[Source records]
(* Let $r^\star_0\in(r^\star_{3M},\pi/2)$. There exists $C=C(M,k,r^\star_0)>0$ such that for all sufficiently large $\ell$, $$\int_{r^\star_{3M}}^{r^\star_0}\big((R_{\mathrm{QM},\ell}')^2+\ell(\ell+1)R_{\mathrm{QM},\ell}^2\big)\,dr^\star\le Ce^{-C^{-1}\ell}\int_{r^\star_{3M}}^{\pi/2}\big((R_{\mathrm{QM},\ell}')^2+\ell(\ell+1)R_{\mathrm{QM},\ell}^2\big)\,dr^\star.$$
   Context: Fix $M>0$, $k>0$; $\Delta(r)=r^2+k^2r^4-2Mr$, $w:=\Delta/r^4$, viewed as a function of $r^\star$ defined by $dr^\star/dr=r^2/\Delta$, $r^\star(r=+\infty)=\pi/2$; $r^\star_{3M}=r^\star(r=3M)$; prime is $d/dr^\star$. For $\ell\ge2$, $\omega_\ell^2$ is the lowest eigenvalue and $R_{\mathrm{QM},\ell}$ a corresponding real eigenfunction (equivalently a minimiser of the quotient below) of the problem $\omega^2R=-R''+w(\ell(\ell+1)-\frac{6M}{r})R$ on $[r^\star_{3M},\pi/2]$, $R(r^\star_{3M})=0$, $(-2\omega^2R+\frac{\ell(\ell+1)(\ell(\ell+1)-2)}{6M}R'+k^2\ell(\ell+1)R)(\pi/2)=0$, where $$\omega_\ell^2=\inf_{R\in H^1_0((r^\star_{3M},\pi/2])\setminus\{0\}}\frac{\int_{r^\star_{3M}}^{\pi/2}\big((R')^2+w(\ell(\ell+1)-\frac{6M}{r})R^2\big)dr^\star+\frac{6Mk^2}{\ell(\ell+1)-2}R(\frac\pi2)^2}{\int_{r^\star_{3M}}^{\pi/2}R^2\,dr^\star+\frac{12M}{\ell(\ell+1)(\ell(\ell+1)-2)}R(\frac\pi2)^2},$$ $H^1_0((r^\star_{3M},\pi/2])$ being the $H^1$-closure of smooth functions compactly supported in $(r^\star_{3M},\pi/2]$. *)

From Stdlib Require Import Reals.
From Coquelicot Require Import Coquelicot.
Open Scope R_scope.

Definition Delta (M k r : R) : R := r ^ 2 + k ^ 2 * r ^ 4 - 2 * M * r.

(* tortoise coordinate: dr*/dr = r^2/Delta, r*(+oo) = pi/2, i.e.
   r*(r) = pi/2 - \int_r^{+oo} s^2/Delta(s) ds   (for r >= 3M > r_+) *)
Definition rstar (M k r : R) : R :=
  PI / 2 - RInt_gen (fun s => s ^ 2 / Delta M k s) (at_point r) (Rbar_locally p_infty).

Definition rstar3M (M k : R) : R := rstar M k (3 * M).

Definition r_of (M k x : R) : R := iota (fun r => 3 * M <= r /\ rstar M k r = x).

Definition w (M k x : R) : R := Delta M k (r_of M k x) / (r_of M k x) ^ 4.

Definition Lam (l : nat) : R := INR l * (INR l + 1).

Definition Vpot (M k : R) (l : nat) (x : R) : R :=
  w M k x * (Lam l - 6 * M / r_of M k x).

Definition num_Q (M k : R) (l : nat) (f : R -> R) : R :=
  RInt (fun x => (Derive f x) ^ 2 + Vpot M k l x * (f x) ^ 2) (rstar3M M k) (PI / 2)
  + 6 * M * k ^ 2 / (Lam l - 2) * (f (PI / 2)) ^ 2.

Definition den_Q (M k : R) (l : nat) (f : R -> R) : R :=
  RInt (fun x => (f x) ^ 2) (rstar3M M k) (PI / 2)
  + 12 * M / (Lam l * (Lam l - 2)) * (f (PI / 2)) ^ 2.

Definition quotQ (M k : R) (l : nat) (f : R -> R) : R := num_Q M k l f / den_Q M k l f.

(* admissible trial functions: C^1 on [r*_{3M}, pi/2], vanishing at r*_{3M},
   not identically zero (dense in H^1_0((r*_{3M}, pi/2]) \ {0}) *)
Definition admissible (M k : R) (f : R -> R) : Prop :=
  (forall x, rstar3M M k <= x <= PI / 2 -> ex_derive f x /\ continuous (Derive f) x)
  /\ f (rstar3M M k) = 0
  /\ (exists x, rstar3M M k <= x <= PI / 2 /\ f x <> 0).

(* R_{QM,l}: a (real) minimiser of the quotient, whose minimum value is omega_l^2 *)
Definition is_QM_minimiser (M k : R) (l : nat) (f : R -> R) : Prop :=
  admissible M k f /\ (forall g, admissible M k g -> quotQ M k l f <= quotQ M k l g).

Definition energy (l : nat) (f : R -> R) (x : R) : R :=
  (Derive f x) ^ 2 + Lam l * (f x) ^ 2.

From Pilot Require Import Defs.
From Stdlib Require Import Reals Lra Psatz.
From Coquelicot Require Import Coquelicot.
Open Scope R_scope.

---

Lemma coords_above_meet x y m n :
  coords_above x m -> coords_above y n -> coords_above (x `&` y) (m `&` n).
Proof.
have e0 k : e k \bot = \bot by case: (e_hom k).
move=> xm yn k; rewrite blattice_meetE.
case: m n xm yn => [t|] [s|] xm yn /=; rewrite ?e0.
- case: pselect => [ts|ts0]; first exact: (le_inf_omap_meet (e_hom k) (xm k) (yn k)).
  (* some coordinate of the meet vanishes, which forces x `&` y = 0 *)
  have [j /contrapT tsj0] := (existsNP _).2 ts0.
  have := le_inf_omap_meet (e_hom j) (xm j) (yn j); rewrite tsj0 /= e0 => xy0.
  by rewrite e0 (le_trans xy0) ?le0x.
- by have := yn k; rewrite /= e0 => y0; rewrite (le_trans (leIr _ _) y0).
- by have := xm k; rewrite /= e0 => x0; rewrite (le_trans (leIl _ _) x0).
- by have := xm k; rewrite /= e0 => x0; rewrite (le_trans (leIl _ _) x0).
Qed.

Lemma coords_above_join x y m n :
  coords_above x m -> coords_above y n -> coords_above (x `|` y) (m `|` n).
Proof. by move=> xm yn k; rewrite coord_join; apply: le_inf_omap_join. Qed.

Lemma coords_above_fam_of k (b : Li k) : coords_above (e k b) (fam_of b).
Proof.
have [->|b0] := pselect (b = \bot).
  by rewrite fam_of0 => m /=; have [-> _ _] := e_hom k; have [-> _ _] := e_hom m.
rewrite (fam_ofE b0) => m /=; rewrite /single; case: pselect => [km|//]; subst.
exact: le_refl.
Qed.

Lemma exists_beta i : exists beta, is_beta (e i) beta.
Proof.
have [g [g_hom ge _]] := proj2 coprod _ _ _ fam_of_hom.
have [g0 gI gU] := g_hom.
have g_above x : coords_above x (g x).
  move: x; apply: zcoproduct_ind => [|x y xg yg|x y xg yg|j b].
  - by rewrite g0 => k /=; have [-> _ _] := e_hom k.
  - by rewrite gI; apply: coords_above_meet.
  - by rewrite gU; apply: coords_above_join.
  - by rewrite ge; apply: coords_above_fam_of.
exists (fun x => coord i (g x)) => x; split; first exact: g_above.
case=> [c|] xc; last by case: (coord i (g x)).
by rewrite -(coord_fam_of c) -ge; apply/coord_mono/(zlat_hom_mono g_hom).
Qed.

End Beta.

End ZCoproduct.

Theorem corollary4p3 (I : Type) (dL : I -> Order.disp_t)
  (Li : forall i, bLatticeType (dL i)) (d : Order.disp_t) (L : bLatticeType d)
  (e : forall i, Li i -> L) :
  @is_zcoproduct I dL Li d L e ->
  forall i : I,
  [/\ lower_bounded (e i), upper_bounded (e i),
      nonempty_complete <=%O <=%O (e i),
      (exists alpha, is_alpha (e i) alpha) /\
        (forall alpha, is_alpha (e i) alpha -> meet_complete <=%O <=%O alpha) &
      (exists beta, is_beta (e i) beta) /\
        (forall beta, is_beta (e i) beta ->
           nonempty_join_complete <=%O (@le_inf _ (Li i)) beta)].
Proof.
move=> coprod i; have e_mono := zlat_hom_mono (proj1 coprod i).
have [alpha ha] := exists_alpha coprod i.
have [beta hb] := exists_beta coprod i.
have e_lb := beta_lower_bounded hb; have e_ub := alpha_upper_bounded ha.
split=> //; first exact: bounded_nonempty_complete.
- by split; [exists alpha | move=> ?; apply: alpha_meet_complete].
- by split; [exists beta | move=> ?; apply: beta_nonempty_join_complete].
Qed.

__TASK DETAILS__: Look above for the line containing "End ZCoproduct.". Output from there through the line containing "split=> //; first", exactly and inclusively.

__ANSWER FOR THE TASK__:
End ZCoproduct.

Theorem corollary4p3 (I : Type) (dL : I -> Order.disp_t)
  (Li : forall i, bLatticeType (dL i)) (d : Order.disp_t) (L : bLatticeType d)
  (e : forall i, Li i -> L) :
  @is_zcoproduct I dL Li d L e ->
  forall i : I,
  [/\ lower_bounded (e i), upper_bounded (e i),
      nonempty_complete <=%O <=%O (e i),
      (exists alpha, is_alpha (e i) alpha) /\
        (forall alpha, is_alpha (e i) alpha -> meet_complete <=%O <=%O alpha) &
      (exists beta, is_beta (e i) beta) /\
        (forall beta, is_beta (e i) beta ->
           nonempty_join_complete <=%O (@le_inf _ (Li i)) beta)].
Proof.
move=> coprod i; have e_mono := zlat_hom_mono (proj1 coprod i).
have [alpha ha] := exists_alpha coprod i.
have [beta hb] := exists_beta coprod i.
have e_lb := beta_lower_bounded hb; have e_ub := alpha_upper_bounded ha.
split=> //; first exact: bounded_nonempty_complete.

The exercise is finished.